# Exporting data from BigQuery to Google Cloud Storage

In this notebook, we export BigQuery data to GCS so that we can reuse our Keras model that was developed on CSV data.

https://github.com/GoogleCloudPlatform/training-data-analyst/blob/master/courses/machine_learning/deepdive2/art_and_science_of_ml/solutions/export_data_from_bq_to_gcs.ipynb

# Run the chown command to change the ownership of the repository
!sudo chown -R jupyter:jupyter /home/jupyter/training-data-analyst

# Install the Google Cloud BigQuery library
%pip install google-cloud-bigquery==1.25.0

Please ignore any incompatibility warnings and errors.
**Restart** the kernel to use updated packages. (On the Notebook menu, select Kernel > Restart Kernel > Restart).


In [7]:
# The OS module in python provides functions for interacting with the operating system.
import os

from google.cloud import bigquery

Change the following cell as necessary:

In [8]:
!gsutil mb -l europe-west1 gs://vertex_e2e_taxi_data

Creating gs://vertex_e2e_taxi_data/...
ServiceException: 409 A Cloud Storage bucket named 'vertex_e2e_taxi_data' already exists. Try another name. Bucket names must be globally unique across all Google Cloud projects, including those outside of your organization.


In [9]:
bucket = 'vertex_e2e_taxi_data'

In [10]:
# Change with your own bucket and project below:
BUCKET =  bucket
PROJECT = "vf-grp-commercial-tst-explore"

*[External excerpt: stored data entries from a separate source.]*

Lemma sq_locally_compact : locally_compact [set: Xsq R].
Proof.
move=> x _; have [d [d0 _ /andP[? ?] /andP[? ?]]] := sq_margin x 1 ltr01.
have lo1 : 0 < coord1 x - d < 1 by apply/andP; split; lra.
have lo2 : 0 < coord2 x - d < 1 by apply/andP; split; lra.
have hi1 : 0 < coord1 x + d < 1 by apply/andP; split; lra.
have hi2 : 0 < coord2 x + d < 1 by apply/andP; split; lra.
have lohi : sq_le (sq_pt lo1 lo2) (sq_pt hi1 hi2) by split=> /=; lra.
exists (up_set (@sq_le R) (sq_pt lo1 lo2) `&` down_set (@sq_le R) (sq_pt hi1 hi2)).
  apply: filterS (nbhsx_ballx x _ d0) => y /ball_sq [/andP[? ?] /andP[? ?]] _.
  by split; split=> /=; lra.
by split; [|apply: compact_closed sq_hausdorff _]; exact: sq_interval_compact.
Qed.

Lemma sq_near_down_set_meets x (O : set (Xsq R)) : open O ->
  down_set (@sq_le R) x `&` O !=set0 ->
  \forall y \near x, down_set (@sq_le R) y `&` O !=set0.
Proof.
move=> oO [z [[zx1 zx2] Oz]].
have /nbhs_ballP [e e0 zeO] : nbhs z O by exact: open_nbhs_nbhs.
have [d [d0 de /andP[? ?] /andP[? ?]]] := sq_margin z e e0.
have w1 : 0 < coord1 z - d < 1 by apply/andP; split; lra.
have w2 : 0 < coord2 z - d < 1 by apply/andP; split; lra.
have Ow : O (sq_pt w1 w2).
  by apply: zeO; apply/ball_sq; rewrite coord1_sq_pt coord2_sq_pt; split; apply/andP; split; lra.
apply/nbhs_ballP; exists d => // y /ball_sq [/andP[? ?] /andP[? ?]].
by exists (sq_pt w1 w2); split=> //; split=> /=; lra.
Qed.

Lemma sq_down_set_fell_preimage W :
  fell_open W -> open (down_set (@sq_le R) @^-1` W).
Proof.
apply: gen_open_preimage => B x; case=> [[V [oV ->]]|[D [cD ->]]].
  exact: sq_near_down_set_meets.
exact: near_down_set_disjoint sq_le_closed x D cD.
Qed.
(* For every recognizable language $L$, the minimal compact automaton $\mathcal A_c(L)$ is obtained, up to isomorphism, from the minimal deterministic automaton $\mathcal A(L)$ (viewed as a compact automaton with edges labelled by letters) by a finite sequence of elementary reductions.
   Context: A compact automaton $(Q,E,I,T)$ has edges $E\subseteq Q\times A^+\times Q$, initial states $I$ and terminal states $T$. It is deterministic if $|I|=1$ and the labels of the edges leaving any state begin with pairwise distinct letters. It is trim if every state lies on a path from $I$ to $T$. A state is special if it is initial or terminal, or if it has two outgoing edges whose labels begin with distinct letters. Elementary reduction: let $\mathcal A=(Q,i,T)$ be a trim deterministic compact automaton and let $q$ be a non-special state. Then $q$ has a unique outgoing edge $q\xrightarrow{v}r$, with $r\ne q$, and $q\neq i$. The elementary reduction of $\mathcal A$ at $q$ is the compact automaton with states $Q\setminus\{q\}$, initial state $i$, terminal states $T$, and edges: (i) the edges $(p,w,r')$ of $\mathcal A$ with $p,r'\neq q$; (ii) the edges $(p,uv,r)$ for every edge $(p,u,q)$ of $\mathcal A$. $\mathcal A(L)$ is the minimal deterministic automaton of $L$, whose states are the nonempty residuals $u^{-1}L=\{v\mid uv\in L\}$. $\mathcal A_c(L)$ is defined as follows: - its states are the special residuals of $L$, i.e. nonempty residuals $u^{-1}L$ such that $u=1$, or $u\in L$, or $u^{-1}L$ contains two words beginning with different letters; - its initial state is $L$; - its terminal states are the $u^{-1}L$ with $u\in L$; - its edges are the $(u^{-1}L,v,(uv)^{-1}L)$ with $v$ nonempty, where both residuals are special and no factorization $v=v'v''$ with $v',v''$ nonempty has $(uv')^{-1}L$ special. *)

From mathcomp Require Import all_boot.

Set Implicit Arguments.
Unset Strict Implicit.
Unset Printing Implicit Defensive.

Section CompactAutomata.

Variable A : finType.

Definition lang := seq A -> bool.

Definition residual (u : seq A) (L : lang) : lang := fun v => L (u ++ v).

Definition recognizable (L : lang) : Prop :=
  exists (Q : finType) (d : Q -> A -> Q) (q0 : Q) (F : pred Q),
    forall w, L w = F (foldl d q0 w).

Record cauto (S : Type) := CAuto {
  cstate : S -> Prop;
  cedge  : S -> seq A -> S -> Prop;
  cinit  : S -> Prop;
  cterm  : S -> Prop }.

Section OnAutomata.
Variable S : Type.
Implicit Types (X Y Z : cauto S) (p q r : S).

Definition cauto_wf X : Prop :=
  (forall p w r, cedge X p w r -> [/\ cstate X p, cstate X r & w <> [::]]) /\
  (forall p, cinit X p -> cstate X p) /\
  (forall p, cterm X p -> cstate X p).

Definition deterministic X : Prop :=
  (exists i, forall p, cinit X p <-> p = i) /\
  (forall p w1 r1 w2 r2, cedge X p w1 r1 -> cedge X p w2 r2 ->
     ohead w1 = ohead w2 -> w1 = w2 /\ r1 = r2).

Inductive reach X : S -> S -> Prop :=
  | reach_refl p : reach X p p
  | reach_step p w q r : cedge X p w q -> reach X q r -> reach X p r.

Definition trim X : Prop :=
  forall q, cstate X q ->
    (exists i, cinit X i /\ reach X i q) /\ (exists t, cterm X t /\ reach X q t).

Definition special X q : Prop :=
  cinit X q \/ cterm X q \/
  exists w1 r1 w2 r2, cedge X q w1 r1 /\ cedge X q w2 r2 /\ ohead w1 <> ohead w2.

(* Y is the elementary reduction of X at the non-special state q, whose
   unique outgoing edge is q --v--> r. *)
Definition elem_reduction X q v r Y : Prop :=
  cauto_wf X /\ deterministic X /\ trim X /\
  cstate X q /\ ~ special X q /\ cedge X q v r /\
  (forall p, cstate Y p <-> cstate X p /\ p <> q) /\
  (forall p w r', cedge Y p w r' <->
      (cedge X p w r' /\ p <> q /\ r' <> q) \/
      (exists u, cedge X p u q /\ w = u ++ v /\ r' = r)) /\
  (forall p, cinit Y p <-> cinit X p) /\
  (forall p, cterm Y p <-> cterm X p).

Definition elem_red X Y : Prop := exists q v r, elem_reduction X q v r Y.

Inductive reduces : cauto S -> cauto S -> Prop :=
  | reduces_refl X : reduces X X
  | reduces_step X Y Z : elem_red X Y -> reduces Y Z -> reduces X Z.

End OnAutomata.

Definition cauto_iso (S1 S2 : Type) (X : cauto S1) (Y : cauto S2) : Prop :=
  exists f : S1 -> S2,
    (forall p, cstate X p -> cstate Y (f p)) /\
    (forall p p', cstate X p -> cstate X p' -> f p = f p' -> p = p') /\
    (forall q, cstate Y q -> exists p, cstate X p /\ f p = q) /\
    (forall p w r, cstate X p -> cstate X r ->
        (cedge X p w r <-> cedge Y (f p) w (f r))) /\
    (forall p, cstate X p -> (cinit X p <-> cinit Y (f p))) /\
    (forall p, cstate X p -> (cterm X p <-> cterm Y (f p))).

Section Minimal.
Variable L : lang.

Definition nonempty_lang (K : lang) : Prop := exists v, K v.

Definition is_residual_state (K : lang) : Prop :=
  (exists u, K = residual u L) /\ nonempty_lang K.

Definition minDFA : cauto lang := {|
  cstate := is_residual_state;
  cedge := fun K w K' => exists u a, w = [:: a] /\
              K = residual u L /\ K' = residual (rcons u a) L /\
              nonempty_lang K /\ nonempty_lang K';
  cinit := fun K => is_residual_state K /\ K = L;
  cterm := fun K => exists u, L u /\ K = residual u L |}.

Definition special_residual (K : lang) : Prop :=
  nonempty_lang K /\
  exists u, K = residual u L /\
    (u = [::] \/ L u \/
     exists (a b : A) (w1 w2 : seq A), a <> b /\ K (a :: w1) /\ K (b :: w2)).

Definition Ac : cauto lang := {|
  cstate := special_residual;
  cedge := fun K v K' => exists u, K = residual u L /\ K' = residual (u ++ v) L /\
              v <> [::] /\ special_residual K /\ special_residual K' /\
              (forall v' v'', v = v' ++ v'' -> v' <> [::] -> v'' <> [::] ->
                 ~ special_residual (residual (u ++ v') L));
  cinit := fun K => special_residual K /\ K = L;
  cterm := fun K => exists u, L u /\ K = residual u L |}.

End Minimal.

End CompactAutomata.

From mathcomp Require Import all_boot.
From mathcomp Require Import zify.
From Stdlib Require Import Classical FunctionalExtensionality PropExtensionality.

(* For a set S of nonempty residuals of L containing all special ones, let
   [reduct L S] be the compact automaton on S whose edges K --w--> w^{-1}K
   read w up to the first return to S.  For S = all residuals this is A(L),
   for S = the special residuals it is A_c(L).  Removing a non-special q from
   S is an elementary reduction: a non-special residual has a single outgoing
   edge q --v--> r, and the edges entering q are exactly those that get
   extended by v.  As L has finitely many residuals, finitely many deletions
   lead from A(L) to A_c(L). *)

Set Implicit Arguments.
Unset Strict Implicit.
Unset Printing Implicit Defensive.

Lemma eq_cat_cases (T : Type) (x x' u v : seq T) : x ++ x' = u ++ v ->
  (exists y, x = u ++ y /\ v = y ++ x') \/ (exists y, u = x ++ y /\ x' = y ++ v).
Proof.
elim: x u => [|a x IH] [|b u] /=.
- by move=> ->; right; exists [::].
- by move=> ->; right; exists (b :: u).
- by move=> <-; left; exists (a :: x).
- by case=> -> /IH [[y [-> ->]]|[y [-> ->]]]; [left|right]; exists y.
Qed.
Lemma fg_algebra_lift : fg_algebra B.
Proof.
have [cs cs_lift] := balanced_lift; exists cs => b.
have [_ decomp _ _] := gradB; have [us [bu [_ [hbu ->]]]] := decomp b.
by apply: subalg_gen_sum => u _; exact: (homogeneous_in_subalg cs_lift (hbu u)).
Qed.

End GradedLift.

Theorem proposition1p1p2p6
  (R : comNzRingType) (L K : nmodType)
  (B A : comAlgType R) (Bg : L -> B -> Prop) (Ag : K -> A -> Prop)
  (phi : {lrmorphism B -> A}) (F : {additive L -> K}) :
  noetherian R ->
  cancellative L -> cancellative K ->
  is_grading Bg -> is_grading Ag ->
  no_zero_divisors A ->
  graded_morphism Bg Ag phi F ->
  fg_monoid (weight_monoid Bg) ->
  (forall u : L,
     (forall b b' : B, Bg u b -> Bg u b' -> phi b = phi b' -> b = b') /\
     (forall a : A, Ag (F u) a -> exists2 b : B, Bg u b & phi b = a)) ->
  fg_algebra A ->
  fg_algebra B.
Proof.
move=> _ cancL cancK gradB gradA _ phi_graded [g [_ S_gen]] phi_iso fgA.
have [r [f [w [f_homog f_span]]]] := homogeneous_generators gradA fgA.
apply: (fg_algebra_lift cancL cancK gradB gradA phi_graded _ _ f_homog f_span (g := g)).
- by move=> u; apply: (phi_iso u).1.
- by move=> u; apply: (phi_iso u).2.
- by move=> u /S_gen.
Qed.
Lemma phi_node_tail r t Fe : (forall a b, In (a, b) Fe -> TA a b /\ side TA a b a t) ->
  phi GA TA part r (TNode t) -> tail_in r (fun v => conn (del TA Fe) t (part v)).
Proof.
  intros HFe Hphi.
  destruct (eventually_on_list (fun a b => In (a, b) Fe) (fun a b i => side TA a b t (part (r i))) Fe)
    as [n Hn]; [intros a b Hin; apply (Hphi a b), HFe, Hin|].
  exists n; intros i Hi; apply NNPP; intro Hc.
  destruct (separating_edge_in TA HT Fe t (part (r i)) Hc) as (a & b & Hab & [Hin|Hin] & Ha & Hb).
  - apply (side_disjoint TA HT a b (part (r i)) Hab); [|exact Hb].
    apply conn_trans with t; [exact Ha | apply Hn; [exact Hin | apply inF_In, Hin | exact Hi]].
  - apply (side_disjoint TA HT a b t Hab); [exact Ha|].
    apply side_swap, (HFe b a Hin).
Qed.

Lemma phi_node_dominated r t u : phi GA TA part r (TNode t) -> part u = t -> edge_dominates GA u r.
Proof.
  intros Hphi Eu F.
  destruct (separate_from_list TA HT (map part (endpoints F)) t) as (Fe & H1 & H2).
  destruct (phi_node_tail r t Fe H1 Hphi) as [n Hn]; exists n; intros i Hi.
  apply (conn_over_subtree (conn (del TA Fe) t) t F).
  - apply component_region, (TA_sym TA HT).
  - intros w w' Hw Hne Hin; apply (H2 (part w)); [|assumption..].
    apply in_map, (endpoints_inF F w w' Hin).
  - rewrite Eu; apply conn_refl.
  - apply Hn, Hi.
Qed.
Section GmapMorphism.
Variables (k : comPzRingType) (D : datum k).
Local Notation C := (dC D).
Local Notation A := (dA D).
Variables (N N' : lmodType k) (actN : N -> A -> N) (actN' : N' -> A -> N').
Hypotheses (actN_bilin : bilin actN) (actN1 : forall n, actN n 1 = n)
  (actNM : forall n a b, actN (actN n a) b = actN n (a * b)).
Hypotheses (actN'_bilin : bilin actN') (actN'1 : forall n, actN' n 1 = n)
  (actN'M : forall n a b, actN' (actN' n a) b = actN' n (a * b)).
Variable f : N -> N'.
Hypotheses (f_lin : lin f) (f_act : forall n a, f (actN n a) = actN' (f n) a).

Lemma Gmap_act y a : Gmap f (actG actN y a) = actG actN' (Gmap f y) a.
Proof.
have l1 := lin_comp (Gmap_lin f_lin) (bilinl (actG_bilin actN_bilin) a).
have l2 := lin_comp (bilinl (actG_bilin actN'_bilin) a) (Gmap_lin f_lin).
apply: (tens_lin_ext l1 l2) => c n /=.
rewrite (actG_tmul actN_bilin) Gmap_tmul // (actG_tmul actN'_bilin) /tmul_act.
by rewrite (lin_sum (Gmap_lin f_lin)); apply: eq_bigr => q _; rewrite Gmap_tmul // f_act.
Qed.

Lemma coG_Gmap (y : tens C N) : teq2 (coG (Gmap f y)) [seq (p.1, Gmap f p.2) | p <- coG y].
Proof.
move=> P g gb; have gfb := bilin_comp gb (@lin_id _ _) (Gmap_lin f_lin).
rewrite coG_tsum2 /tsum2 big_map -[RHS]/(tsum2 (fun c t => g c (Gmap f t)) (coG y)).
rewrite coG_tsum2.
have lhs_lin := lin_comp (tlift_lin (precomul_bilin gb)) (Gmap_lin f_lin).
apply: (tens_lin_ext lhs_lin (tlift_lin (precomul_bilin gfb))) => c n /=.
rewrite Gmap_tmul // !tlift_tmul; try exact: precomul_bilin.
by apply: eq_bigr => q _; rewrite Gmap_tmul.
Qed.

Lemma Gmap_dhmor :
  @dhmor k D (Gmod actN_bilin actN1 actNM) (Gmod actN'_bilin actN'1 actN'M) (Gmap f).
Proof. by split; [exact: Gmap_lin | exact: Gmap_act | exact: coG_Gmap]. Qed.

End GmapMorphism.

Section AdjunctionUnit.
Variables (k : comPzRingType) (D : datum k).
Local Notation C := (dC D).
Local Notation A := (dA D).

Definition GA : dhmod D := Gmod (mul_bilin A) (@mulr1 A) (fun x a b => esym (mulrA x a b)).

Definition GF (M : dhmod D) : dhmod D := Gmod (actM_bilin M) (@actM1 _ _ M) (@actMM _ _ M).

Definition rho (M : dhmod D) (m : dM M) : tens C (dM M) := tens_of (coM M m).

Lemma rho_dhmor (M : dhmod D) : @dhmor k D M (GF M) (@rho M).
Proof.
split=> /=.
- by move=> a m m'; rewrite /rho (tens_of_eq (coM_lin a m m')) tens_of_cat tens_of_scale.
- move=> m a; rewrite /rho (tens_of_eq (coM_act m a)) /actG tlift_tens_of; last first.
    exact: tmul_act_bilin (actM_bilin M) a.
  by rewrite tens_of_sum /tsum2 big_allpairs_dep.
- move=> m P f fb; rewrite coG_tsum2 /rho tlift_tens_of; last exact: precomul_bilin.
  rewrite /tsum2 big_map /=.
  under [RHS]eq_bigr => p _ do rewrite tens_of_sum (lin_sum (bilinr fb _)).
  have tb : trilin (fun x y z => f x (tmul y z)).
    split=> [y z|x z|x y]; first exact: bilinl fb _.
      exact: lin_comp (bilinr fb x) (bilinl (tmul_bilin C (dM M)) z).
    exact: lin_comp (bilinr fb x) (bilinr (tmul_bilin C (dM M)) y).
  by have := coM_coassoc m tb; rewrite /tsum3 !big_allpairs_dep.
Qed.

Lemma epsG_rho (M : dhmod D) (m : dM M) : epsG (rho m) = m.
Proof. by rewrite /epsG /rho tlift_tens_of; [exact: coM_counit | exact: epsC_scale_bilin]. Qed.

End AdjunctionUnit.

Arguments GA {k D}.

Section HmapNatural.
Variables (k : comPzRingType) (D : datum k).
Local Notation C := (dC D).
Local Notation A := (dA D).

Definition V3_act (theta : C -> C -> A) := forall c d a,
  theta c d * a =
  \sum_(p <- coA D a) \sum_(q <- comH D p.1) p.2 * theta (actC D c q.1) (actC D d q.2).

Definition V3_coact (theta : C -> C -> A) := forall c d,
  teq2 [seq (p.1, theta p.2 d) | p <- comC D c]
       [seq (actC D q.2 r.1, r.2) | q <- comC D d, r <- coA D (theta c q.1)].

Variable theta : C -> C -> A.
Hypothesis theta_bilin : bilin theta.

Lemma actM_theta_bilin (M : dhmod D) c : bilin (fun x m => actM M m (theta c x)).
Proof. exact: bilin_comp (bilin_flip (actM_bilin M)) (bilinr theta_bilin c) (@lin_id _ _). Qed.

Lemma hmap_bilin M : bilin (hmap theta M).
Proof.
split=> [m|c]; last exact: lin_tsum2 (@coM_lin _ _ M) (actM_theta_bilin M c).
apply: lin_sumf => p; exact: lin_comp (bilinr (actM_bilin M) p.2) (bilinl theta_bilin p.1).
Qed.

Lemma hmap_dhmor (M N : dhmod D) (f : dM M -> dM N) :
  dhmor f -> forall c m, f (hmap theta M c m) = hmap theta N c (f m).
Proof.
case=> f_lin f_act f_co c m; rewrite /hmap (lin_sum f_lin).
have := f_co m _ _ (actM_theta_bilin N c); rewrite /tsum2 big_map /= => ->.
by apply: eq_bigr => r _; rewrite f_act.
Qed.

Hypothesis theta_act : V3_act theta.
Variables (m : nat) (a : 'I_m -> 'rV[R]_n) (b : 'I_m -> R).
Local Notation X := (hpolyhedron a b).

(* Two normalized X-circuits with the same negative coordinate, and face
   witnesses with the same zero patterns, coincide: otherwise [lam1] would
   lie strictly inside a segment from [lam2] to a point slightly beyond
   [lam1], on which sigma is affine. *)
Lemma circuit_unique (beta : I) (lam1 lam2 : I -> R) (x1 x2 : 'rV[R]_n)
  (w1 w2 : 'I_m -> R) :
  X_circuit alpha X beta lam1 -> lam1 beta = -1 ->
  face_witness alpha a b lam1 x1 w1 ->
  X_circuit alpha X beta lam2 -> lam2 beta = -1 ->
  face_witness alpha a b lam2 x2 w2 ->
  (forall i, (lam1 i == 0) = (lam2 i == 0)) ->
  (forall k, (w1 k == 0) = (w2 k == 0)) -> lam1 = lam2.
Proof.
move=> [[N1 sum1] [_ [_ irreducible]]] b1 W1 [[N2 sum2] _] b2 W2 zl zw.
apply: contrapT => neq.
have zero_lam i : lam1 i = 0 -> lam2 i = 0 by move/eqP; rewrite zl => /eqP.
have zero_w k : w1 k = 0 -> w2 k = 0 by move/eqP; rewrite zw => /eqP.
have [e1 e1_gt0 ext1] := nonneg_extension (P := fun i => i != beta) N1
  (fun i _ => zero_lam i).
have [e2 e2_gt0 ext2] := nonneg_extension (P := predT) (p := w1) (q := w2)
  (fun k _ => let: And4 _ w0 _ _ := W1 in w0 k) (fun k _ => zero_w k).
set e := Order.min e1 e2.
have e_gt0 : 0 < e by rewrite lt_min e1_gt0.
have [ee1 ee2] : e <= e1 /\ e <= e2 by split; rewrite ge_min lexx ?orbT.
pose mu i := (1 + e) * lam1 i + (- e) * lam2 i.
have W2' := face_witness_move W2 W1 (fun k => contra_neq (zero_w k)).
have Wmu : face_witness alpha a b mu x1 (fun k => (1 + e) * w1 k + (- e) * w2 k).
  apply: face_witness_comb W1 W2' _ => k.
  by rewrite mulNr; apply: ext2 => //; rewrite ltW.
have mub : mu beta = -1 by rewrite /mu b1 b2; lra.
have e1_neq0 : 1 + e != 0 by rewrite lt0r_neq0 // addr_gt0.
apply: irreducible; exists mu, lam2, (1 + e)^-1; split.
- split; last by split.
  split; last by rewrite /mu big_split /= -!mulr_sumr sum1 sum2; lra.
  by move=> i ib; rewrite /mu mulNr; apply: ext1 => //; rewrite ltW.
- move=> /(proportional_normalized mub b2) mu2; apply: neq.
  apply: funext => i; have := congr1 (@^~ i) mu2; rewrite /mu => h.
  by apply: (mulfI e1_neq0); lra.
- by rewrite invr_gt0 addr_gt0 //= invf_lt1 ?addr_gt0 // ltrDl.
- by move=> i; rewrite /mu; field.
- exact: affine_on_common_face Wmu W2'.
Qed.
(* Let $\Bbbk$ be a field of characteristic $0$, $B=\bigoplus_{s=1}^N\Bbbk e_s$ ($N\ge2$) a complete set of orthogonal idempotents in $A$, and let $\{\!\{-,-\}\!\}$ be an arbitrary $B$-linear double bracket on $A$. Let $A^f$ be the fusion algebra obtained by fusing $e_2$ onto $e_1$, with the induced double bracket $\{\!\{-,-\}\!\}_{ind}$, the double bracket $\{\!\{-,-\}\!\}_{fus}$, and $\{\!\{-,-\}\!\}^f=\{\!\{-,-\}\!\}_{ind}+\{\!\{-,-\}\!\}_{fus}$. Then the map $\kappa:(A^f)^{\times3}\to(A^f)^{\otimes3}$, $$\kappa=\{\!\{-,-,-\}\!\}^f-\{\!\{-,-,-\}\!\}_{ind}-\{\!\{-,-,-\}\!\}_{fus},$$ vanishes identically, where each term is the triple bracket associated with the corresponding double bracket.
   Context: Conventions: $\otimes=\otimes_\Bbbk$; Sweedler notation $d=d'\otimes d''$; outer bimodule structure $b(a_1\otimes\cdots\otimes a_n)c=ba_1\otimes\cdots\otimes a_nc$. A $B$-linear double bracket is a $\Bbbk$-bilinear map $A\times A\to A\otimes A$ vanishing when an argument lies in $B$, with $\{\!\{a,b\}\!\}=-\{\!\{b,a\}\!\}''\otimes\{\!\{b,a\}\!\}'$ and $\{\!\{a,bc\}\!\}=\{\!\{a,b\}\!\}c+b\{\!\{a,c\}\!\}$. The triple bracket associated with a double bracket is $\{\!\{a,b,c\}\!\}=\{\!\{a,\{\!\{b,c\}\!\}'\}\!\}\otimes\{\!\{b,c\}\!\}''+\tau\{\!\{b,\{\!\{c,a\}\!\}'\}\!\}\otimes\{\!\{c,a\}\!\}''+\tau^2\{\!\{c,\{\!\{a,b\}\!\}'\}\!\}\otimes\{\!\{a,b\}\!\}''$ with $\tau(a_1\otimes a_2\otimes a_3)=a_3\otimes a_1\otimes a_2$. Fusion: $\mu=1-e_1-e_2$; $\mathrm{Mat}_2(\Bbbk)$ with matrix units $e_{11}=e_1,e_{12},e_{21},e_{22}=e_2$; $\bar A=A*_{\Bbbk e_1\oplus\Bbbk e_2\oplus\Bbbk\mu}(\mathrm{Mat}_2(\Bbbk)\oplus\Bbbk\mu)$; $\epsilon=1-e_2$; $A^f=\epsilon\bar A\epsilon$, an algebra over $B^f=\Bbbk e_1\oplus\bigoplus_{s\ge3}\Bbbk e_s$. $A^f$ is generated by $t$ ($t\in\epsilon A\epsilon$), $e_{12}u$ ($u\in e_2A\epsilon$), $ve_{21}$ ($v\in\epsilon Ae_2$), $e_{12}we_{21}$ ($w\in e_2Ae_2$), written $e_+\alpha e_-$ with $\alpha\in A$, $e_+\in\{\epsilon,e_{12}\}$, $e_-\in\{\epsilon,e_{21}\}$. $\{\!\{-,-\}\!\}_{ind}$ is the $B^f$-linear double bracket on $A^f$ with $\{\!\{e_+\alpha e_-,f_+\beta f_-\}\!\}_{ind}=f_+\{\!\{\alpha,\beta\}\!\}'e_-\otimes e_+\{\!\{\alpha,\beta\}\!\}''f_-$ on generators. $\operatorname{Tr}(E_1),\operatorname{Tr}(E_2)$ are the $B^f$-linear derivations $A^f\to A^f\otimes A^f$ with: $\operatorname{Tr}(E_1)(t)=te_1\otimes e_1-e_1\otimes e_1t$, $\operatorname{Tr}(E_2)(t)=0$; $\operatorname{Tr}(E_1)(e_{12}u)=e_{12}ue_1\otimes e_1$, $\operatorname{Tr}(E_2)(e_{12}u)=-e_1\otimes e_{12}u$; $\operatorname{Tr}(E_1)(ve_{21})=-e_1\otimes e_1ve_{21}$, $\operatorname{Tr}(E_2)(ve_{21})=ve_{21}\otimes e_1$; $\operatorname{Tr}(E_1)(e_{12}we_{21})=0$, $\operatorname{Tr}(E_2)(e_{12}we_{21})=e_{12}we_{21}e_1\otimes e_1-e_1\otimes e_1e_{12}we_{21}$. $\{\!\{a,b\}\!\}_{fus}=-\frac12\operatorname{Tr}(E_2)(b)'\operatorname{Tr}(E_1)(a)''\otimes\operatorname{Tr}(E_1)(a)'\operatorname{Tr}(E_2)(b)''+\frac12\operatorname{Tr}(E_1)(b)'\operatorname{Tr}(E_2)(a)''\otimes\operatorname{Tr}(E_2)(a)'\operatorname{Tr}(E_1)(b)''$. *)

From HB Require Import structures.
From mathcomp Require Import all_boot all_algebra.

Set Implicit Arguments.
Unset Strict Implicit.
Unset Printing Implicit Defensive.
Import GRing.Theory.
Local Open Scope ring_scope.

Section Tensors.
Variable K : fieldType.

Section OverModule.
Variable V : lmodType K.

(* A formal tensor  sum_i x_i (x) y_i  of V (x) V (scalars absorbed in x_i). *)
Definition tens2 := seq (V * V).
Definition tens3 := seq (V * V * V).

Definition bilinear_map (U : lmodType K) (f : V -> V -> U) : Prop :=
  (forall (a : K) x x' y, f (a *: x + x') y = a *: f x y + f x' y) /\
  (forall (a : K) x y y', f x (a *: y + y') = a *: f x y + f x y').

Definition trilinear_map (U : lmodType K) (f : V -> V -> V -> U) : Prop :=
  (forall (a : K) x x' y z, f (a *: x + x') y z = a *: f x y z + f x' y z) /\
  (forall (a : K) x y y' z, f x (a *: y + y') z = a *: f x y z + f x y' z) /\
  (forall (a : K) x y z z', f x y (a *: z + z') = a *: f x y z + f x y z').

OUTDIR = "gs://{bucket}/taxifare/data".format(bucket=BUCKET)

os.environ['BUCKET'] = BUCKET
os.environ['OUTDIR'] = OUTDIR
os.environ['PROJECT'] = PROJECT

## Create BigQuery tables

If you haven not already created a BigQuery dataset for our data, run the following cell:

In [6]:
# Initialize a BigQuery client.
bq = bigquery.Client(project = PROJECT)
dataset = bigquery.Dataset(bq.dataset("taxifare"))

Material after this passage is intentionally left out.